**Given records**:
##############################

Lemma grid_cells_image_in_open g (U : set R) :
  {within `[a, b], continuous g} -> closed K -> K `<=` `[a, b] ->
  open U -> g @` K `<=` U ->
  \forall n \near \oo, forall i, (i < n)%N -> grid_cell_meets n i ->
    `]g (grid n i), g (grid n i.+1)] `<=` U.
Proof.
move=> gc cK Kab oU gKU.
have cK' : compact K := subclosed_compact cK (@segment_compact R a b) Kab.
have /nbhs_ballP[r r0 cover] := compact_image_open_unif gc cK' Kab oU gKU.
have /cvgrPdist_lt/(_ r r0) := grid_step_cvg0.
apply: filterS => n step_r i ltin [x Kx /andP[lex lex1]] z /=.
rewrite in_itv /= => /andP[gz gz1].
have step := gridS_sub n i.
apply: (cover _ step_r x (grid n i) (grid n i.+1) z Kx).
- exact: grid_itv (ltnW ltin).
- exact: grid_itv ltin.
- by rewrite ler_norml; apply/andP; split; lra.
- by rewrite ler_norml; apply/andP; split; lra.
- by rewrite (ltW gz) gz1.
Qed.

Lemma grid_variation_cvg0 g : {within `[a, b], continuous g} ->
  {in `[a, b] &, nondecreasing g} -> closed K -> K `<=` `[a, b] ->
  lebesgue_measure (g @` K) = 0%E -> grid_variation g n @[n --> \oo] --> 0.
Proof.
move=> gc gm cK Kab gK0; apply/cvgrPdist_lt => e e0.
have mgK : measurable (g @` K).
  by apply: compact_measurable; exact: closed_segment_image_compact gc cK Kab.
have gK_fin : (lebesgue_measure (g @` K) < +oo)%E by rewrite gK0 ltry.
have [U [oU gKU UgKe]] := lebesgue_regularity_outer mgK gK_fin e0.
have mU := open_measurable oU.
have Ue : (lebesgue_measure U < e%:E)%E.
  by rewrite -(setDUK gKU) setUC measureU0 //; exact: measurableD.
have := grid_cells_image_in_open gc cK Kab oU gKU.
apply: filterS => n cellsU; rewrite sub0r normrN ger0_norm ?grid_variation_ge0 //.
by rewrite -lte_fin (le_lt_trans _ Ue) // grid_variation_le_measure.
Qed.

End grid.

Section monotone_series.
Context {R : realType} (a b : R) (M : set nat) (f : nat -> R -> R).
Hypothesis f_cont : forall m, m \in M -> {within `[a, b], continuous f m}.
Hypothesis f_mono : forall m, m \in M -> {in `[a, b] &, nondecreasing (f m)}.

Definition psum N x := \sum_(0 <= m < N | m \in M) f m x.
Definition series_lim x := limn (psum ^~ x).
Definition series_tail N x := series_lim x - psum N x.

Hypothesis psum_cvg : forall x, x \in `[a, b] -> cvgn (psum ^~ x).

Lemma psum0 : psum 0 = cst 0.
Proof. by apply/funext => x; rewrite /psum big_geq. Qed.

Lemma psumS N : psum N.+1 = psum N \+ (if N \in M then f N else cst 0).
Proof.
apply/funext => x; rewrite /psum big_mkcond big_nat_recr //= -big_mkcond.
by case: ifP.
Qed.

Lemma psum_continuous N : {within `[a, b], continuous (psum N)}.
Proof.
elim: N => [|N IH]; rewrite ?psum0 ?psumS.
  exact/continuous_subspaceT/cst_continuous.
apply: within_continuousD => //; case: ifPn => [/f_cont //|_].
exact/continuous_subspaceT/cst_continuous.
Qed.

Lemma psum_incr_le_series N x y : x \in `[a, b] -> y \in `[a, b] -> x <= y ->
  psum N y - psum N x <= series_lim y - series_lim x.
Proof.
move=> xab yab lexy.
apply: cvgr_to_ge (cvgB (psum_cvg yab) (psum_cvg xab)) _.
near=> n; have leNn : (N <= n)%N by near: n; exists N.
rewrite !fctE /psum !(big_cat_nat (leq0n N) leNn) /=.
have : 0 <= \sum_(N <= m < n | m \in M) f m y - \sum_(N <= m < n | m \in M) f m x.
  by rewrite -sumrB sumr_ge0 // => m mM; rewrite subr_ge0 f_mono.
lra.
Unshelve. all: by end_near.
Qed.

Lemma series_lim_nondecreasing : {in `[a, b] &, nondecreasing series_lim}.
Proof.
move=> x y xab yab lexy; have := psum_incr_le_series 0 xab yab lexy.
by rewrite psum0 /=; lra.
Qed.

Lemma series_tail_nondecreasing N : {in `[a, b] &, nondecreasing (series_tail N)}.
Proof.
move=> x y xab yab lexy; have := psum_incr_le_series N xab yab lexy.
rewrite /series_tail; lra.
Qed.

Lemma series_tail_range_cvg0 : a <= b ->
  series_tail N b - series_tail N a @[N --> \oo] --> 0.
Proof.
move=> leab.
have aab : a \in `[a, b] by rewrite in_itv /= lexx leab.
have bab : b \in `[a, b] by rewrite in_itv /= lexx leab.
have <- : (series_lim b - series_lim b) - (series_lim a - series_lim a) = 0.
  by rewrite !subrr.
by apply: cvgB; (apply: cvgB; [exact: cvg_cst | exact: psum_cvg]).
Qed.

Lemma series_lim_continuous : {within `[a, b], continuous series_lim}.
Proof.
apply: continuous_within_oscillation => e e0.
have [leab|ltba] := leP a b; last first.
  exists (psum 0); first exact: psum_continuous.
  by move=> x y /=; rewrite in_itv /= => /andP[ax xb]; lra.
have /cvgrPdist_lt/(_ e e0)[N _ tailN] := series_tail_range_cvg0 leab.
exists (psum N); first exact: psum_continuous.
move=> x y xab yab.
have := ler_dist_nondecreasing (series_tail_nondecreasing N) xab yab.
have := tailN N (leqnn N); rewrite sub0r normrN => /(le_lt_trans (ler_norm _)).
rewrite /series_tail; lra.
Qed.

Section image_null.
Variable K : set R.
Hypotheses (K_closed : closed K) (K_sub : K `<=` `[a, b]).
Hypothesis fK0 : forall m, m \in M -> lebesgue_measure (f m @` K) = 0%E.

Lemma psum_grid_variation_cvg0 N : a <= b ->
  grid_variation a b K (psum N) n @[n --> \oo] --> 0.
Proof.
move=> leab; elim: N => [|N IH].
  rewrite psum0; apply: cvg_near_cst.
  by apply: nearW => n; exact: grid_variation_cst.
rewrite psumS; under eq_fun do rewrite grid_variationD.
rewrite -[0]addr0; apply: cvgD => //; case: ifPn => [NM|_].
  exact: grid_variation_cvg0 (f_cont NM) (f_mono NM) K_closed K_sub (fK0 NM).
by apply: cvg_near_cst; apply: nearW => n; exact: grid_variation_cst.
Qed.

Lemma series_lim_image_null : lebesgue_measure (series_lim @` K) = 0%E.
Proof.
have [leab|ltba] := leP a b; last first.
  suff -> : K = set0 by rewrite image_set0 measure0.
  by apply/seteqP; split => // x /K_sub; rewrite /= in_itv /= => /andP[ax xb]; lra.
have mhK : measurable (series_lim @` K).
  apply: compact_measurable.
  exact: closed_segment_image_compact series_lim_continuous K_closed K_sub.
apply/le_anti/andP; split; last exact: measure_ge0.
apply/lee_addgt0Pr => e e0; rewrite add0e.
have e2 : 0 < e / 2 by rewrite divr_gt0.
have /cvgrPdist_lt/(_ _ e2)[N _ tailN] := series_tail_range_cvg0 leab.
have /cvgrPdist_lt/(_ _ e2)[n _ varN] := psum_grid_variation_cvg0 N leab.
have n0 : (0 < n.+1)%N by [].
have := measure_image_le_grid_variation leab series_lim_nondecreasing K_sub mhK n0.
move/le_trans; apply.
have -> : series_lim = psum N \+ series_tail N.
  by apply/funext => x /=; rewrite /series_tail; ring.
rewrite lee_fin grid_variationD.
have := grid_variation_le K leab (series_tail_nondecreasing N) n0.
have := tailN N (leqnn N); have := varN n.+1 (leqnSn n); rewrite !sub0r !normrN.
move=> /(le_lt_trans (ler_norm _)) ? /(le_lt_trans (ler_norm _)) ?; lra.
Qed.

End image_null.
End monotone_series.

Theorem lemma3p3 (R : realType) (a b : R) (M : set nat)
  (hs : nat -> R -> R) (c d : nat -> R) (K : set R) :
  (forall m, m \in M -> {within `[a, b], continuous hs m}) ->
  (forall m, m \in M -> {in `[a, b] &, nondecreasing (hs m)}) ->
  (forall m, m \in M -> forall x, x \in `[a, b] -> hs m x \in `[c m, d m]) ->
  (forall x, x \in `[a, b] ->
     cvgn (fun n => \sum_(0 <= m < n | m \in M) hs m x)) ->
  closed K -> K `<=` `[a, b] ->
  (forall m, m \in M -> (@lebesgue_measure R) (hs m @` K) = 0%E) ->
  let h := fun x => limn (fun n => \sum_(0 <= m < n | m \in M) hs m x) in
  [/\ {within `[a, b], continuous h},
      {in `[a, b] &, nondecreasing h},
      (exists c0 d0 : R, forall x, x \in `[a, b] -> h x \in `[c0, d0]) &
      (@lebesgue_measure R) (h @` K) = 0%E].
Proof.
move=> hs_cont hs_mono _ hs_cvg K_closed K_sub hsK0 h.
have h_mono : {in `[a, b] &, nondecreasing h}.
  exact: series_lim_nondecreasing hs_mono hs_cvg.
split => //.
- exact: series_lim_continuous hs_cont hs_mono hs_cvg.
- by exists (h a), (h b) => x; exact: nondecreasing_segment_image.
- exact: (series_lim_image_null hs_cont hs_mono hs_cvg K_closed K_sub hsK0).
Qed.
(* Let $D$ be an integral domain that is not a field. Then $D$ is a RAV-domain if and only if $D$ is an AV-domain and its integral closure $\overline{D}$ is a rational valuation domain.
   Context: For a domain $D$ that is not a field, an element $a\in D$ is an almost uniformizing parameter if for each nonzero nonunit $y\in D$ there are natural numbers $m,n$ and a unit $u$ of $D$ with $y^m=ua^n$; a RAV-domain (rational almost valuation domain) is a domain having an almost uniformizing parameter. An AV-domain is a domain in which for all nonzero $a,b$ there is $n\ge1$ with $a^n\mid b^n$ or $b^n\mid a^n$. A rational valuation domain is a valuation domain whose value group is order-isomorphic to a subgroup of $(\mathbb{Q},+)$. $\overline{D}$ is the integral closure of $D$ in its quotient field. *)

From HB Require Import structures.
From mathcomp Require Import all_boot all_order all_algebra.
Set Implicit Arguments. Unset Strict Implicit. Unset Printing Implicit Defensive.
Import Order.TTheory GRing.Theory Num.Theory.
Local Open Scope ring_scope.

Definition dvdr (D : comNzRingType) (a b : D) : Prop := exists c : D, b = a * c.

Definition is_field_dom (D : idomainType) : Prop :=
  forall x : D, x != 0 -> x \is a GRing.unit.

(* a is an almost uniformizing parameter of D ("natural numbers" = positive). *)
Definition almost_unif_param (D : idomainType) (a : D) : Prop :=
  forall y : D, y != 0 -> y \isn't a GRing.unit ->
    exists (m n : nat) (u : D), (0 < m)%N /\ (0 < n)%N /\
      u \is a GRing.unit /\ y ^+ m = u * a ^+ n.

Definition RAV_domain (D : idomainType) : Prop :=
  exists a : D, almost_unif_param a.

Definition AV_domain (D : idomainType) : Prop :=
  forall a b : D, a != 0 -> b != 0 ->
    exists n : nat, (0 < n)%N /\ (dvdr (a ^+ n) (b ^+ n) \/ dvdr (b ^+ n) (a ^+ n)).

Definition toK (D : idomainType) (x : D) : {fraction D} := @FracField.tofrac D x.

Definition integral_closure (D : idomainType) (x : {fraction D}) : Prop :=
  exists p : {poly D}, p \is monic /\ root (map_poly (@toK D) p) x.

Definition valuation_domain_in (K : fieldType) (V : K -> Prop) : Prop :=
  forall x : K, x != 0 -> V x \/ V x^-1.

(* The value group of V is K^* / U(V), ordered by xU <= yU iff y/x in V.
   It is order-isomorphic to a subgroup of (Q,+) iff there is a map
   phi : K -> rat which is a group homomorphism on K^* and satisfies
   phi x <= phi y <-> y / x in V (this makes the induced map on K^*/U(V)
   a well-defined injective order embedding). *)
Definition rational_value_group_in (K : fieldType) (V : K -> Prop) : Prop :=
  exists phi : K -> rat,
    (forall x y : K, x != 0 -> y != 0 -> phi (x * y) = phi x + phi y) /\
    (forall x y : K, x != 0 -> y != 0 -> (phi x <= phi y <-> V (y / x))).

Definition rational_valuation_domain_in (K : fieldType) (V : K -> Prop) : Prop :=
  valuation_domain_in V /\ rational_value_group_in V.

(* Let t be an almost uniformizing parameter. If d^m = u t^n with u a unit,
   the ratio n/m depends only on d, because no positive power of t is a unit;
   this gives a valuation v : D\{0} -> Q>=0, additive on products, which
   extends to the fraction field. A fraction is integral over D iff its value
   is nonnegative: if v(a) <= v(b) then a^M divides b^M, so b/a is a root of
   some X^M - c; an integral x = a/b has b^n x^j in D for every j, which by
   the Archimedean property of Q rules out v(x) < 0. Hence the integral
   closure is the valuation ring of v, and comparing values gives AV.
   Conversely, a Q-valued valuation phi of the integral closure is positive on
   the nonunits of D (a nonzero c with 1/c integral is a unit). Given a fixed
   nonunit a and a nonunit y, m phi(y) = n phi(a) for some m, n > 0, and AV
   applied to y^m and a^n gives a divisibility between their k-th powers whose
   cofactor has value 0, hence is a unit. *)

From HB Require Import structures.
From mathcomp Require Import all_boot all_order all_algebra.
From mathcomp Require Import ring lra zify.
From Stdlib Require Import ClassicalEpsilon.
Import Order.TTheory GRing.Theory Num.Theory.
Set Implicit Arguments. Unset Strict Implicit. Unset Printing Implicit Defensive.
Local Open Scope ring_scope.

HB.instance Definition _ (D : idomainType) :=
  GRing.RMorphism.copy (@toK D) (@FracField.tofrac D).

Lemma not_field_nonunit (D : idomainType) :
  ~ is_field_dom D -> exists y : D, y != 0 /\ y \isn't a GRing.unit.
Proof.
move=> hD; apply: NNPP => no_nonunit; apply: hD => x xnz.
by apply/negPn/negP => xnu; apply: no_nonunit; exists x.
Qed.

Section FractionField.
Variable D : idomainType.
Local Notation F := (@toK D).

Lemma toK_inj : injective F.
Proof. by move=> x y /eqP; rewrite tofrac_eq => /eqP. Qed.

Lemma toK_eq0 (x : D) : (F x == 0) = (x == 0).
Proof. exact: tofrac_eq0. Qed.

Local Open Scope quotient_scope.
Lemma toK_frac_repr (x : {fraction D}) : exists a b : D, b != 0 /\ x = F a / F b.
Proof.
elim/quotW: x => r; exists r.1, r.2; split; first exact: denom_ratioP.
rewrite /toK; unlock FracField.tofrac.
rewrite -[_^-1]/(FracField.inv _) -[_ * _]/(FracField.mul _ _) !piE.
apply/eqmodP; rewrite /= FracField.equivfE /FracField.mulf /FracField.invf /=.
rewrite !numden_Ratio ?oner_eq0 ?mul1r ?denom_ratioP //.
by rewrite mulr1 mulrC.
Qed.
Local Close Scope quotient_scope.

Lemma horner_frac_clear_denom (r : {poly D}) (a b : D) (n : nat) :
  b != 0 -> (size r <= n)%N -> exists e : D, F b ^+ n * (map_poly F r).[F a / F b] = F e.
Proof.
move=> bnz r_small; have Fb : F b != 0 by rewrite toK_eq0.
exists (\sum_(i < size r) r`_i * a ^+ i * b ^+ (n - i)).
rewrite horner_coef (size_map_inj_poly toK_inj (rmorph0 _)) mulr_sumr rmorph_sum.
apply: eq_bigr => i _; rewrite coef_map !rmorphM !rmorphXn /=.
have i_le_n : (i <= n)%N by apply: leq_trans (ltnW (ltn_ord i)) r_small.
rewrite expr_div_n (expfB_cond _ (x := F b)); last by rewrite (negPf Fb) add0n.
by rewrite !mulrA; congr (_ * _); rewrite [RHS]mulrC !mulrA.
Qed.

##############################

**Problem description**:
Looking back over the data above, restate word for word the lines that begin at the line with "exists (m n" and end at the line with "closure is the", inclusive.

**Exercise solution**:
    exists (m n : nat) (u : D), (0 < m)%N /\ (0 < n)%N /\
      u \is a GRing.unit /\ y ^+ m = u * a ^+ n.

Definition RAV_domain (D : idomainType) : Prop :=
  exists a : D, almost_unif_param a.

Definition AV_domain (D : idomainType) : Prop :=
  forall a b : D, a != 0 -> b != 0 ->
    exists n : nat, (0 < n)%N /\ (dvdr (a ^+ n) (b ^+ n) \/ dvdr (b ^+ n) (a ^+ n)).

Definition toK (D : idomainType) (x : D) : {fraction D} := @FracField.tofrac D x.

Definition integral_closure (D : idomainType) (x : {fraction D}) : Prop :=
  exists p : {poly D}, p \is monic /\ root (map_poly (@toK D) p) x.

Definition valuation_domain_in (K : fieldType) (V : K -> Prop) : Prop :=
  forall x : K, x != 0 -> V x \/ V x^-1.

(* The value group of V is K^* / U(V), ordered by xU <= yU iff y/x in V.
   It is order-isomorphic to a subgroup of (Q,+) iff there is a map
   phi : K -> rat which is a group homomorphism on K^* and satisfies
   phi x <= phi y <-> y / x in V (this makes the induced map on K^*/U(V)
   a well-defined injective order embedding). *)
Definition rational_value_group_in (K : fieldType) (V : K -> Prop) : Prop :=
  exists phi : K -> rat,
    (forall x y : K, x != 0 -> y != 0 -> phi (x * y) = phi x + phi y) /\
    (forall x y : K, x != 0 -> y != 0 -> (phi x <= phi y <-> V (y / x))).

Definition rational_valuation_domain_in (K : fieldType) (V : K -> Prop) : Prop :=
  valuation_domain_in V /\ rational_value_group_in V.

(* Let t be an almost uniformizing parameter. If d^m = u t^n with u a unit,
   the ratio n/m depends only on d, because no positive power of t is a unit;
   this gives a valuation v : D\{0} -> Q>=0, additive on products, which
   extends to the fraction field. A fraction is integral over D iff its value
   is nonnegative: if v(a) <= v(b) then a^M divides b^M, so b/a is a root of
   some X^M - c; an integral x = a/b has b^n x^j in D for every j, which by
   the Archimedean property of Q rules out v(x) < 0. Hence the integral
   closure is the valuation ring of v, and comparing values gives AV.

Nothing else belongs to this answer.